Location
- Jl. Warung Jati Barat Jl. Taman Margasatwa Raya No.19 10, RT.10/RW.5, Jati Padang, Ps. Minggu, Kota Jakarta Selatan, Daerah Khusus Ibukota Jakarta 12540 Pasar Minggu, South Jakarta, Jakarta, Indonesia South Jakarta Jakarta, Indonesia, Jakarta, 12540 Indonesia
- Coordinates: 6°17′25″S 106°49′29″E﻿ / ﻿6.2902°S 106.8248°E

Information
- School type: Private, selective, international (Kindergarten - Year 13) school Private School
- Motto: Educate, Create, Innovate
- Established: 2004
- Principal: Myles D'Airelle
- Grades: K-13
- Primary years taught: 1 - 6
- Secondary years taught: 7 - 13
- Age range: 3-19
- Enrollment: 300 (2025)
- Average class size: 20
- Student to teacher ratio: 1:15
- Language: English, Indonesia
- Website: https://www.jakarta.acgedu.com/

= ACG School Jakarta =

ACG School Jakarta is an independent co-educational international school in South Jakarta, Indonesia. The school was established in 2004, and is a school for children from 3 to 17 years of age. Currently it has 300 students from 35 different nationalities and is part of the family of ACG Schools based in New Zealand.

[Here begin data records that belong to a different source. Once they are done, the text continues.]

(* Let $X,Y,Z\in\mathbb{Z}[i]$ satisfy $X^2+iY^2=Z^2$, $\gcd(X,Y)\in U$, $XYZ\neq0$, with $X,Z\in O^I$ and $Y=(1+i)^2W$, $W\in G$. Then there exist an integer $t$, $0\le t\le3$, and $P,Q\in G$ with $\gcd(P,Q)=1$ such that $$X=i^{t+1}\big(P^2-(-1)^t iQ^2\big),\quad Y=(1+i)^2PQ,\quad Z=i^{t+1}\big(P^2+(-1)^t iQ^2\big).$$
   Context: $\mathbb{Z}[i]$ is the ring of Gaussian integers, $U=\{1,-1,i,-i\}$ its unit group; $R(\alpha),I(\alpha)$ are real and imaginary parts. $\gcd(x,y)\in U$ means no common non-unit divisor; for $P,Q\in G$, $\gcd(P,Q)=1$ means no common prime factor. $O=\{\alpha: R(\alpha)+I(\alpha)\equiv1\pmod 2\}$, $O^I=\{\alpha\in O: R(\alpha)\equiv 1\pmod 4\}$. $G$ is the set of Gaussian integers $(1+i)^{a_1}p_2^{a_2}\cdots p_m^{a_m}$ with integers $a_j\ge0$ and $p_j$ distinct Gaussian primes in $O^I$. *)

From HB Require Import structures.
From mathcomp Require Import all_boot all_order all_algebra all_field.
Set Implicit Arguments. Unset Strict Implicit. Unset Printing Implicit Defensive.
Import Order.TTheory GRing.Theory Num.Theory.
Local Open Scope ring_scope.

Definition gaussInt (z : algC) : bool :=
  ('Re z \is a Num.int) && ('Im z \is a Num.int).

Definition gdvd (x y : algC) : Prop :=
  exists2 k : algC, gaussInt k & y = x * k.

Definition inU (z : algC) : bool := z \in [:: 1; -1; 'i; - 'i].

Definition gprime (p : algC) : Prop :=
  [/\ gaussInt p, p != 0, ~~ inU p &
      forall a b : algC, gaussInt a -> gaussInt b -> p = a * b -> inU a \/ inU b].

Definition gcd_unit (x y : algC) : Prop :=
  forall d : algC, gaussInt d -> gdvd d x -> gdvd d y -> inU d.

Definition gcoprime (P Q : algC) : Prop :=
  forall p : algC, gprime p -> ~ (gdvd p P /\ gdvd p Q).

Definition inO (z : algC) : bool :=
  gaussInt z && (('Re z + 'Im z - 1) / 2%:R \is a Num.int).

Definition inOI (z : algC) : bool :=
  inO z && (('Re z - 1) / 4%:R \is a Num.int).

Definition inG (z : algC) : Prop :=
  exists (a : nat) (ps : seq algC) (es : seq nat),
    [/\ size es = size ps, uniq ps,
        (forall p, p \in ps -> gprime p /\ inOI p) &
        z = (1 + 'i) ^+ a * \prod_(j < size ps) ps`_j ^+ nth 0%N es j].

From HB Require Import structures.
From mathcomp Require Import all_boot all_order all_algebra all_field.
From mathcomp Require Import zify ring.
Import Order.TTheory GRing.Theory Num.Theory.
Local Open Scope ring_scope.
Set Implicit Arguments. Unset Strict Implicit.

(* Because X and Z lie in O^I, A = (Z - X)/2 and B = (Z + X)/2 are Gaussian integers, and
   the equation becomes A B = -i W^2.  A prime dividing A and B divides X and Z, hence i Y^2
   and Y, so A and B are coprime.  Z[i] is Euclidean, so Euclid's lemma holds and each prime
   power of W^2 = (1+i)^(2a) p_2^(2a_2) ... p_m^(2a_m) lies entirely in A or in B.  Hence
   B = u P^2 and A = v Q^2 with P Q = W and units u v = -i; writing u = i^(t+1) forces
   v = (-1)^t i u, and X = B - A, Z = B + A become the stated formulas. *)

Definition gi (a b : int) : algC := a%:~R + 'i * b%:~R.

Lemma Re_gi a b : 'Re (gi a b) = a%:~R.
Proof. by rewrite /gi Re_rect ?Rreal_int ?intr_int. Qed.

Lemma Im_gi a b : 'Im (gi a b) = b%:~R.
Proof. by rewrite /gi Im_rect ?Rreal_int ?intr_int. Qed.

Lemma gi_inj a b c d : gi a b = gi c d -> a = c /\ b = d.
Proof.
move=> e; have := Re_gi a b; have := Im_gi a b; rewrite e Re_gi Im_gi.
by move=> /intr_inj <- /intr_inj <-.
Qed.

Lemma gaussP z : reflect (exists a b, z = gi a b) (gaussInt z).
Proof.
apply: (iffP andP) => [[/intrP[a ea] /intrP[b eb]]|[a [b ->]]].
  by exists a, b; rewrite /gi -ea -eb -Crect.
by rewrite Re_gi Im_gi !intr_int.
Qed.

Lemma giD a b c d : gi a b + gi c d = gi (a + c) (b + d).
Proof. rewrite /gi !rmorphD /=; ring. Qed.

Lemma giN a b : - gi a b = gi (- a) (- b).
Proof. rewrite /gi !rmorphN /=; ring. Qed.

Lemma giM a b c d : gi a b * gi c d = gi (a * c - b * d) (a * d + b * c).
Proof. rewrite /gi mulC_rect !rmorphB !rmorphD !rmorphM /=; ring. Qed.

Lemma gi0 : gi 0 0 = 0. Proof. by rewrite /gi mulr0 addr0. Qed.
Lemma gi1 : gi 1 0 = 1. Proof. by rewrite /gi mulr0 addr0. Qed.
Lemma giI : gi 0 1 = 'i. Proof. by rewrite /gi mulr1 add0r. Qed.

Lemma gaussIntD x y : gaussInt x -> gaussInt y -> gaussInt (x + y).
Proof. by move=> /gaussP[a [b ->]] /gaussP[c [d ->]]; apply/gaussP; rewrite giD; eauto. Qed.

Lemma gaussIntN x : gaussInt x -> gaussInt (- x).
Proof. by move=> /gaussP[a [b ->]]; apply/gaussP; rewrite giN; eauto. Qed.

Lemma gaussIntB x y : gaussInt x -> gaussInt y -> gaussInt (x - y).
Proof. by move=> gx gy; rewrite gaussIntD ?gaussIntN. Qed.

Lemma gaussIntM x y : gaussInt x -> gaussInt y -> gaussInt (x * y).
Proof. by move=> /gaussP[a [b ->]] /gaussP[c [d ->]]; apply/gaussP; rewrite giM; eauto. Qed.

Lemma gaussInt0 : gaussInt 0. Proof. by apply/gaussP; rewrite -gi0; eauto. Qed.
Lemma gaussInt1 : gaussInt 1. Proof. by apply/gaussP; rewrite -gi1; eauto. Qed.
Lemma gaussInt_i : gaussInt 'i. Proof. by apply/gaussP; rewrite -giI; eauto. Qed.

Lemma gaussIntX x n : gaussInt x -> gaussInt (x ^+ n).
Proof. by move=> gx; elim: n => [|n IH]; rewrite ?gaussInt1 // exprS gaussIntM. Qed.

Lemma gaussInt_prod (I : Type) (r : seq I) (P : pred I) (F : I -> algC) :
  (forall i, P i -> gaussInt (F i)) -> gaussInt (\prod_(i <- r | P i) F i).
Proof. by move=> gF; apply: (big_ind gaussInt) => //; [exact: gaussInt1 | exact: gaussIntM]. Qed.

Lemma sqr_norm_ge0 (a b : int) : 0 <= a ^+ 2 + b ^+ 2.
Proof. by rewrite addr_ge0 // exprn_even_ge0. Qed.

Lemma inU_cases u : inU u -> [\/ u = 1, u = -1, u = 'i | u = -'i].
Proof. by rewrite /inU !inE => /or4P[] /eqP ->; constructor. Qed.

Lemma inU_gi a b : inU (gi a b) = (a ^+ 2 + b ^+ 2 == 1).
Proof.
apply/idP/eqP => [|h].
  by case/inU_cases; rewrite -?gi1 -?giI ?giN ?oppr0 => /gi_inj[-> ->].
have : (a = 1 /\ b = 0) \/ (a = -1 /\ b = 0) \/ (a = 0 /\ b = 1) \/ (a = 0 /\ b = -1).
  by nia.
rewrite /inU !inE -gi1 -giI !giN oppr0.
by case=> [|[|[]]] [-> ->]; rewrite eqxx ?orbT.
Qed.

Lemma inU_gaussInt u : inU u -> gaussInt u.
Proof. by case/inU_cases=> ->; rewrite ?gaussIntN ?gaussInt1 ?gaussInt_i. Qed.

Lemma inU_inv u : inU u -> exists2 v, inU v & u * v = 1.
Proof.
case/inU_cases=> ->.
- by exists 1; rewrite ?mulr1 // /inU inE eqxx.
- by exists (-1); rewrite ?mulrNN ?mulr1 // /inU !inE eqxx orbT.
- by exists (-'i); rewrite ?mulrN ?mulCii ?opprK // /inU !inE eqxx !orbT.
- by exists 'i; rewrite ?mulNr ?mulCii ?opprK // /inU !inE eqxx !orbT.
Qed.

Lemma mul_eq1_inU x y : gaussInt x -> gaussInt y -> x * y = 1 -> inU x.
Proof.
move=> /gaussP[a [b ->]] /gaussP[c [d ->]]; rewrite giM -gi1 => /gi_inj[h1 h2].
rewrite inU_gi; apply/eqP.
have h : (a ^+ 2 + b ^+ 2) * (c ^+ 2 + d ^+ 2) = 1.
  by rewrite -[1](_ : 1 ^+ 2 + 0 ^+ 2 = 1) // -h1 -h2; ring.
have := sqr_norm_ge0 a b; have := sqr_norm_ge0 c d.
have : c ^+ 2 + d ^+ 2 != 0 by apply/eqP => e; move: h; rewrite e mulr0.
nia.
Qed.

Lemma inU_mulr x y : gaussInt x -> gaussInt y -> inU (x * y) -> inU y.
Proof.
move=> gx gy /inU_inv[v /inU_gaussInt gv e].
by apply: (@mul_eq1_inU _ (x * v)); rewrite ?gaussIntM // mulrCA mulrA.
Qed.

Lemma gdvdxx x : gdvd x x.
Proof. by exists 1; rewrite ?gaussInt1 ?mulr1. Qed.

Lemma gdvd0 x : gdvd x 0.
Proof. by exists 0; rewrite ?gaussInt0 ?mulr0. Qed.

Lemma gdvd_trans x y z : gdvd x y -> gdvd y z -> gdvd x z.
Proof. by move=> [k gk ->] [l gl ->]; exists (k * l); rewrite ?gaussIntM ?mulrA. Qed.

Lemma gdvd_mulr x y z : gaussInt z -> gdvd x y -> gdvd x (y * z).
Proof. by move=> gz [k gk ->]; exists (k * z); rewrite ?gaussIntM ?mulrA. Qed.

Lemma gdvd_mull x y z : gaussInt z -> gdvd x y -> gdvd x (z * y).
Proof. by rewrite mulrC; apply: gdvd_mulr. Qed.

Lemma gdvdD x y z : gdvd x y -> gdvd x z -> gdvd x (y + z).
Proof. by move=> [k gk ->] [l gl ->]; exists (k + l); rewrite ?gaussIntD ?mulrDr. Qed.

Lemma gdvdB x y z : gdvd x y -> gdvd x z -> gdvd x (y - z).
Proof. by move=> dy [l gl ->]; apply: gdvdD dy _; exists (- l); rewrite ?gaussIntN ?mulrN. Qed.

Lemma gdvd_mul2l q x y : q != 0 -> gdvd (q * x) (q * y) -> gdvd x y.
Proof. by move=> q0 [k gk e]; exists k => //; apply: (mulfI q0); rewrite e mulrA. Qed.

Lemma round_div (s N : int) : 0 < N -> exists q, (2 * (s - q * N)) ^+ 2 <= N ^+ 2.
Proof.
(* q is s / N rounded to the nearest integer. *)
move=> N0; exists ((2 * s + N) %/ (2 * N))%Z.
have N2 : 0 < 2 * N by lia.
have := divz_eq (2 * s + N) (2 * N).
have := modz_ge0 (2 * s + N) (lt0r_neq0 N2); have := ltz_pmod (2 * s + N) N2.
move: ((2 * s + N) %/ (2 * N))%Z ((2 * s + N) %% (2 * N))%Z => q r lt_r ge0_r e.
have -> : 2 * (s - q * N) = r - N by rewrite mulrBr; lia.
by rewrite !expr2; nia.
Qed.

Lemma gi_div_rem a b c d : 0 < c ^+ 2 + d ^+ 2 -> exists q1 q2 e f,
  gi a b = gi q1 q2 * gi c d + gi e f /\ e ^+ 2 + f ^+ 2 < c ^+ 2 + d ^+ 2.
Proof.
set N := c ^+ 2 + d ^+ 2 => N0.
(* q1 + q2 i is a nearest Gaussian integer to (a + b i) / (c + d i) = (a + b i)(c - d i) / N. *)
have [q1 h1] := round_div (a * c + b * d) N0.
have [q2 h2] := round_div (b * c - a * d) N0.
exists q1, q2, (a - (q1 * c - q2 * d)), (b - (q1 * d + q2 * c)); split.
  by rewrite giM giD; congr gi; ring.
set E := _ + _.
have eEN : E * N = (a * c + b * d - q1 * N) ^+ 2 + (b * c - a * d - q2 * N) ^+ 2.
  by rewrite /E /N; ring.
have E0 : 0 <= E by apply: sqr_norm_ge0.
move: h1 h2 eEN; rewrite !exprMn.
move: (a * c + b * d - q1 * N) (b * c - a * d - q2 * N) => A B h1 h2 eEN.
clearbody E N; rewrite !expr2 in h1 h2 eEN.
have h3 : 2 * (E * N) <= N * N by lia.
clear -h3 E0 N0; nia.
Qed.

Lemma gauss_bezout x y : gaussInt x -> gaussInt y -> exists g,
  [/\ gaussInt g, gdvd g x, gdvd g y &
      exists u v, [/\ gaussInt u, gaussInt v & g = u * x + v * y]].
Proof.
move=> gx /gaussP[c [d ->]].
suff IH n : forall a b : int, a ^+ 2 + b ^+ 2 < n%:Z -> forall x, gaussInt x -> exists g,
    [/\ gaussInt g, gdvd g x, gdvd g (gi a b) &
        exists u v, [/\ gaussInt u, gaussInt v & g = u * x + v * gi a b]].
  by apply: (IH (absz (c ^+ 2 + d ^+ 2)).+1) => //; have := sqr_norm_ge0 c d; lia.
clear; elim: n => [|n IH] c d lt_n x gx; first by have := sqr_norm_ge0 c d; lia.
have [N0|N0] := eqVneq (c ^+ 2 + d ^+ 2) 0.
  have [-> ->] : c = 0 /\ d = 0 by nia.
  exists x; rewrite gi0; split; [exact: gx | exact: gdvdxx | exact: gdvd0 |].
  by exists 1, 0; rewrite gaussInt1 gaussInt0 mul1r mulr0 addr0.
have /gaussP[a [b ex]] := gx.
have [|q1 [q2 [e [f [exq lt_r]]]]] := @gi_div_rem a b c d.
  by have := sqr_norm_ge0 c d; rewrite le_eqVlt eq_sym (negbTE N0).
have gy : gaussInt (gi c d) by apply/gaussP; eauto.
have gq : gaussInt (gi q1 q2) by apply/gaussP; eauto.
have [|g [gg dgy dgr [u [v [gu gv eg]]]]] := IH e f _ (gi c d) gy; first lia.
exists g; split => //.
  by rewrite ex exq; apply: gdvdD dgr; apply: gdvd_mull.
exists v, (u - v * gi q1 q2); split; rewrite ?gaussIntB ?gaussIntM //.
by rewrite eg ex exq; ring.
Qed.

The school is currently owned and operated by Inspired Education Group, an international provider of for-profit schools.

==History==
ACG School Jakarta was founded in 2004 and has grown rapidly. Since May 2010 ACG School Jakarta has been an IB World School and offers the IB Primary Years Programme (PYP). From August 2017 ACG School Jakarta also be offering the IB Diploma Programme (IBDP).

==Campus==
A new purpose built campus was opened in 2012 to provide quality educational facilities for the roll of 500 students,. The new buildings include 24 new classrooms as well as 2 science laboratories, a technology centre, music and arts rooms and a large modern canteen complete with a multi-purpose sports centre and auditorium.

Sports facilities include a swimming pool, a multi-purpose gymnasium, paddle courts, a multi-sports covered court and a junior soccer field, providing numerous sporting and recreational opportunities for students across all levels.

==Curriculum==
Since May 2010 the ACG School Jakarta has been authorised to offer the IB Primary Years Programme for students aged 3–11. This programme is taught in English and is open for male and female students.

ACG School Jakarta offers the University of Cambridge International Examinations (CIE), which is the world largest provider of international education programmes and qualifications for 5–19 year olds.
Beginning in Year 7, the students sit the Checkpoint examinations at the end of Year 9 and then enter for International General Certificate of Secondary Education (IGCSE) at the end of Year 11.

For Y12 and Y13 students at ACG School Jakarta, from August 2017 the school will transition from the CIE AS and A Level examinations to the IB Diploma Programme.